Kasat Reskrim Polresta Pati, Kompol Dika Hadian Widyatama mengatakan bahwa empat tersangka itu merupakan anak berhadapan dengan hukum (ABH).
“Pelaku Anak Berhadapan dengan Hukum (ABH). Kita sudah amankan 4 orang,” kata dia saat Konferensi Pers di Polresta Pati, Senin (16/03/2026).
Ia menambahkan bahwa sebelumnya Polresta Pati telah mengamankan lebih dari empat orang. Namun, ujar dia, setelah dilakukan pemeriksaan lebih lanjut Polresta Pati mengamankan empat orang tersangka.
Dalam perkara ini, Polresta Pati berhasil mengamankan sejumlah barang bukti, mulai dari pakaian korban hingga senjata tajam jenis pisau yang dipakai pelaku untuk menusuk korban.

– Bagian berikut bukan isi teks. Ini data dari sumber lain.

(* Let $R$ be a dp-minimal integral domain with maximal ideal $\mathfrak M$ and fraction field $K$. (1) If $\mathcal O$ is a local overring of $R$ that is non-dominant (i.e. $\mathfrak M\not\subseteq\mathfrak m$, where $\mathfrak m$ is the maximal ideal of $\mathcal O$), then $\mathcal O$ is a valuation ring and $\mathcal O=R_{\mathfrak p}$ for some prime ideal $\mathfrak p\neq\mathfrak M$ of $R$. (2) Let $\mathcal O\supseteq R$ be a valuation overring with maximal ideal $\mathfrak m$ which dominates $R$ (i.e. $\mathfrak M\subseteq\mathfrak m$), and assume the structure $(K;R,\mathcal O)$ (the field $K$ with unary predicates for $R$ and $\mathcal O$) is dp-minimal. Then $\mathcal O\subseteq R_{\mathfrak p}$ for every prime ideal $\mathfrak p\neq\mathfrak M$ of $R$. Furthermore every prime ideal $\mathfrak p\neq \mathfrak M$ of $R$ is a prime ideal of $\mathcal O$, and every prime ideal of $\mathcal O$ strictly contained in $\mathfrak M$ is a prime ideal of $R$; i.e. $\mathrm{Spec}(R)\setminus\{\mathfrak M\}$ is an initial segment of $\mathrm{Spec}(\mathcal O)\setminus\{\mathfrak m\}$.
   Context: Rings are commutative with identity; dp-minimal means the theory has dp-rank $1$ (a dp-minimal domain is local). An overring of $R$ is a ring $S$ with $R\subseteq S\subseteq\mathrm{Frac}(R)$. Prime spectra of $R$ and $\mathcal O$ are linearly ordered by inclusion. *)

From HB Require Import structures.
From mathcomp Require Import all_boot all_order all_algebra fraction.
Set Implicit Arguments. Unset Strict Implicit. Unset Printing Implicit Defensive.
Import GRing.Theory.
Local Open Scope ring_scope.
Notation "x %:F" := (@FracField.tofrac _ x) : ring_scope.

Inductive term : Type :=
| TVar : nat -> term
| TZero : term
| TOne : term
| TAdd : term -> term -> term
| TOpp : term -> term
| TMul : term -> term -> term.

Inductive formula (k : nat) : Type :=
| FEq : term -> term -> formula k
| FPred : 'I_k -> term -> formula k
| FNeg : formula k -> formula k
| FAnd : formula k -> formula k -> formula k
| FEx : nat -> formula k -> formula k.

Fixpoint eval_term (T : nzRingType) (e : nat -> T) (t : term) : T :=
  match t with
  | TVar n => e n
  | TZero => 0
  | TOne => 1
  | TAdd t1 t2 => eval_term e t1 + eval_term e t2
  | TOpp t1 => - eval_term e t1
  | TMul t1 t2 => eval_term e t1 * eval_term e t2
  end.

Definition upd (T : Type) (e : nat -> T) (n : nat) (x : T) : nat -> T :=
  fun m => if m == n then x else e m.

Fixpoint holds (T : nzRingType) (k : nat) (P : 'I_k -> T -> Prop)
    (e : nat -> T) (f : formula k) : Prop :=
  match f with
  | FEq t1 t2 => eval_term e t1 = eval_term e t2
  | FPred i t => P i (eval_term e t)
  | FNeg f1 => ~ holds P e f1
  | FAnd f1 f2 => holds P e f1 /\ holds P e f2
  | FEx n f1 => exists x : T, holds P (upd e n x) f1
  end.

(* An ict-pattern of depth 2 and length n for phi(x;y), psi(x;z), with the
   object variable x being variable 0 and parameters given by environments
   a_i, b_j (all other variables are parameters). *)
Definition ict_pattern2 (T : nzRingType) (k : nat) (P : 'I_k -> T -> Prop)
    (phi psi : formula k) (n : nat) : Prop :=
  exists (a b : nat -> nat -> T),
    forall i j, (i < n)%N -> (j < n)%N ->
      exists c : T,
        (forall l, (l < n)%N -> (holds P (upd (a l) 0 c) phi <-> l = i)) /\
        (forall l, (l < n)%N -> (holds P (upd (b l) 0 c) psi <-> l = j)).

(* dp-minimality of the theory of the structure: no ict-pattern of depth 2 in
   one variable in any model of the theory; by compactness, equivalently for
   every pair of formulas there is a bound on the length of such patterns in
   the structure itself. *)
Definition dp_minimal (T : nzRingType) (k : nat) (P : 'I_k -> T -> Prop) : Prop :=
  forall phi psi : formula k, exists n : nat, ~ ict_pattern2 P phi psi n.

Definition no_preds (T : nzRingType) : 'I_0 -> T -> Prop := fun _ _ => False.

(* The structure (K; R, O): predicate 0 is R (image in K), predicate 1 is O. *)
Definition KRO_preds (R : idomainType) (O : {fraction R} -> Prop)
  : 'I_2 -> {fraction R} -> Prop :=
  fun i x => if val i == 0%N then exists r : R, x = r%:F else O x.

Definition same (T : Type) (A B : T -> Prop) : Prop := forall x, A x <-> B x.

Definition ideal (R : comRingType) (I : R -> Prop) : Prop :=
  I 0 /\ (forall x y, I x -> I y -> I (x + y)) /\ (forall a x, I x -> I (a * x)).

Definition prime_ideal (R : comRingType) (I : R -> Prop) : Prop :=
  ideal I /\ ~ I 1 /\ (forall x y, I (x * y) -> I x \/ I y).

Definition maximal_ideal (R : comRingType) (I : R -> Prop) : Prop :=
  ideal I /\ ~ I 1 /\
  (forall J, ideal J -> (forall x, I x -> J x) -> ~ J 1 -> forall x, J x -> I x).

Definition subring (K : comRingType) (O : K -> Prop) : Prop :=
  O 0 /\ O 1 /\ (forall x y, O x -> O y -> O (x + y)) /\
  (forall x, O x -> O (- x)) /\ (forall x y, O x -> O y -> O (x * y)).

Definition overring (R : idomainType) (O : {fraction R} -> Prop) : Prop :=
  subring O /\ (forall r : R, O r%:F).

Definition ideal_of (K : comRingType) (O I : K -> Prop) : Prop :=
  (forall x, I x -> O x) /\ I 0 /\ (forall x y, I x -> I y -> I (x + y)) /\
  (forall a x, O a -> I x -> I (a * x)).

Definition prime_ideal_of (K : comRingType) (O I : K -> Prop) : Prop :=
  ideal_of O I /\ ~ I 1 /\
  (forall x y, O x -> O y -> I (x * y) -> I x \/ I y).

Definition maximal_ideal_of (K : comRingType) (O I : K -> Prop) : Prop :=
  ideal_of O I /\ ~ I 1 /\
  (forall J, ideal_of O J -> (forall x, I x -> J x) -> ~ J 1 -> forall x, J x -> I x).

Definition local_with_max (K : comRingType) (O m : K -> Prop) : Prop :=
  maximal_ideal_of O m /\ (forall m', maximal_ideal_of O m' -> same m' m).

Definition valuation_ring (K : fieldType) (O : K -> Prop) : Prop :=
  subring O /\ (forall x, x != 0 -> O x \/ O x^-1).

Definition localization (R : idomainType) (p : R -> Prop) : {fraction R} -> Prop :=
  fun x => exists a b : R, ~ p b /\ x = a%:F / b%:F.

Definition image_in_frac (R : idomainType) (p : R -> Prop) : {fraction R} -> Prop :=
  fun x => exists r : R, p r /\ x = r%:F.

(* If [G] and [H] are additive subgroups whose cosets [y + H] and [y + G] are
   uniformly definable, then elements [A i] of [G] pairwise incongruent modulo [H],
   together with elements [B j] of [H] pairwise incongruent modulo [G], give an
   ict-pattern witnessed by the [A i + B j]; dp-minimality bounds the length of such
   families.  In [R] this is applied to ideals [aR] and [bR].  The families
   [u^N (1 - u)^i] and [(1 - u)^N u^j] show that [u] or [1 - u] is a unit, so [R] is
   local.  For a prime [p <> M] and [s] in [M] but not in [p], the families [a s^i] and
   [b s^j] show that [b] divides [a t] or [a] divides [b t] for some [t] outside [p], so
   [R_p] is a valuation ring, and that every [f] outside [p] divides every element of
   [p].  A local overring [O] not dominating [R] is then [R_p] for [p] the trace of its
   maximal ideal.  For a dominating [O], the same argument in [(K; R, O)] with the
   subgroups [O] and [s^-N R] and the families [x^i], [s^-j] shows [O <= R_p], and then
   [p R_p] meets [O] in [p], which is therefore a prime of [O]. *)

From mathcomp Require Import all_boot all_order all_algebra fraction generic_quotient.
From mathcomp Require Import ring zify.
From mathcomp Require Import classical_sets.
From Stdlib Require Import Classical.
Set Implicit Arguments. Unset Strict Implicit. Unset Printing Implicit Defensive.
Import GRing.Theory.
Local Open Scope ring_scope.
Local Open Scope classical_set_scope.

Definition subgroup (T : zmodType) (G : T -> Prop) : Prop :=
  forall x y, G x -> G y -> G (x - y).

Definition no_coset_pattern (T : zmodType) (G H : T -> Prop) (n : nat) : Prop :=
  forall A B : nat -> T,
  (forall i, (i < n)%N -> G (A i)) -> (forall j, (j < n)%N -> H (B j)) ->
  (forall i l, (i < l)%N -> (l < n)%N -> ~ H (A i - A l)) ->
  (forall j l, (j < l)%N -> (l < n)%N -> ~ G (B j - B l)) -> False.

Lemma subgroup0 (T : zmodType) (G : T -> Prop) x : subgroup G -> G x -> G 0.
Proof. by move=> sG Gx; rewrite -(subrr x); exact: sG. Qed.

Lemma subgroup_subC (T : zmodType) (G : T -> Prop) x y :
  subgroup G -> G (x - y) -> G (y - x).
Proof.
move=> sG Gxy; rewrite -opprB -sub0r.
exact: sG (subgroup0 sG Gxy) Gxy.
Qed.

Lemma subgroup_ltn_inj (T : zmodType) (G : T -> Prop) (A : nat -> T) n :
  subgroup G -> (forall i l, (i < l)%N -> (l < n)%N -> ~ G (A i - A l)) ->
  forall i l, (i < n)%N -> (l < n)%N -> G (A i - A l) -> i = l.
Proof.
move=> sG Adiff i l ilt llt GA; case: (ltngtP i l) => // [il|li].
- by case: (Adiff i l il llt GA).
- by case: (Adiff l i li ilt (subgroup_subC sG GA)).
Qed.

(* The witness for the pair (i, j) is [A i + B j]: it lies in the H-coset of
   [A i] and the G-coset of [B j], and in no other coset of either family. *)
Lemma ict_pattern2_of_cosets (T : comNzRingType) k (P : 'I_k -> T -> Prop)
    (phi psi : formula k) (G H : T -> Prop) (ea eb : T -> nat -> T) n :
  subgroup G -> subgroup H ->
  (forall y c, holds P (upd (ea y) 0 c) phi <-> H (c - y)) ->
  (forall y c, holds P (upd (eb y) 0 c) psi <-> G (c - y)) ->
  ~ ict_pattern2 P phi psi n -> no_coset_pattern G H n.
Proof.
move=> sG sH phiE psiE nopat A B GA HB Adiff Bdiff; apply: nopat.
have Ainj := subgroup_ltn_inj sH Adiff; have Binj := subgroup_ltn_inj sG Bdiff.
exists (fun l => ea (A l)), (fun l => eb (B l)) => i j ilt jlt.
exists (A i + B j); split=> l llt; [rewrite phiE | rewrite psiE]; split.
- move=> HA; apply/esym/Ainj => //.
  have -> : A i - A l = A i + B j - A l - B j by ring.
  exact: sH HA (HB j jlt).
- move=> ->; have -> : A i + B j - A i = B j by ring.
  exact: HB.
- move=> GB; apply/esym/Binj => //.
  have -> : B j - B l = A i + B j - B l - A i by ring.
  exact: sG GB (GA i ilt).
- move=> ->; have -> : A i + B j - B j = A i by ring.
  exact: GA.
Qed.

Definition env2 (T : nzRingType) (y z : T) : nat -> T :=
  upd (upd (fun _ => 0) 1 y) 2 z.

Definition dvd_coset_formula k : formula k :=
  FEx 3 (FEq k (TAdd (TVar 0) (TOpp (TVar 1))) (TMul (TVar 2) (TVar 3))).

Definition dvdr (R : comNzRingType) (a x : R) : Prop := exists t, x = a * t.

Lemma dvdr_subgroup (R : comNzRingType) (a : R) : subgroup (dvdr a).
Proof. by move=> _ _ [s ->] [t ->]; exists (s - t); ring. Qed.

Lemma dp_minimal_no_dvdr_pattern (R : comNzRingType) :
  dp_minimal (@no_preds R) ->
  exists n, forall a b : R, no_coset_pattern (dvdr a) (dvdr b) n.
Proof.
move=> /(_ (dvd_coset_formula 0) (dvd_coset_formula 0)) [n nopat].
exists n => a b.
apply: (ict_pattern2_of_cosets (ea := fun y => env2 y b) (eb := fun y => env2 y a)
  _ _ _ _ nopat) => //; exact: dvdr_subgroup.
Qed.

Lemma dvdr_1B_mul (R : comNzRingType) (v x y : R) :
  dvdr v (1 - x) -> dvdr v (1 - y) -> dvdr v (1 - x * y).
Proof. by move=> [s ex] [t ey]; exists (s + x * t); rewrite mulrDr mulrCA -ex -ey; ring. Qed.

Lemma dvdr_1B_expr (R : comNzRingType) (v x : R) k :
  dvdr v (1 - x) -> dvdr v (1 - x ^+ k).
Proof.
move=> vx; elim: k => [|k IH]; first by exists 0; rewrite expr0 subrr mulr0.
by rewrite exprS; exact: dvdr_1B_mul.
Qed.

Lemma dvdr_add (R : comNzRingType) (v x y : R) : dvdr v x -> dvdr v y -> dvdr v (x + y).
Proof. by move=> [s ->] [t ->]; exists (s + t); rewrite mulrDr. Qed.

“Barang bukti yang berhasil kami sita dari korban Ahmad Farel yakni satu stel jaket hitam satu celana berwarna putih terus satu stel celana pendek polos warna abu-abu dan satu buah sabuk warna hitam yang dipakai oleh korban,” jelasnya.
“Dari pelaku kami berhasil mengumpulkan barang bukti satu stel kaos yang dipakai oleh pelaku, satu stel celana dan juga ada satu senjata tajam jenis pisau yang dibawa oleh salah satu pelaku yang dibawa dari rumah. Satu lembar daun mangga kering yang digunakan oleh pelaku membersihkan darah yang ada di pisau,” dia melanjutkan.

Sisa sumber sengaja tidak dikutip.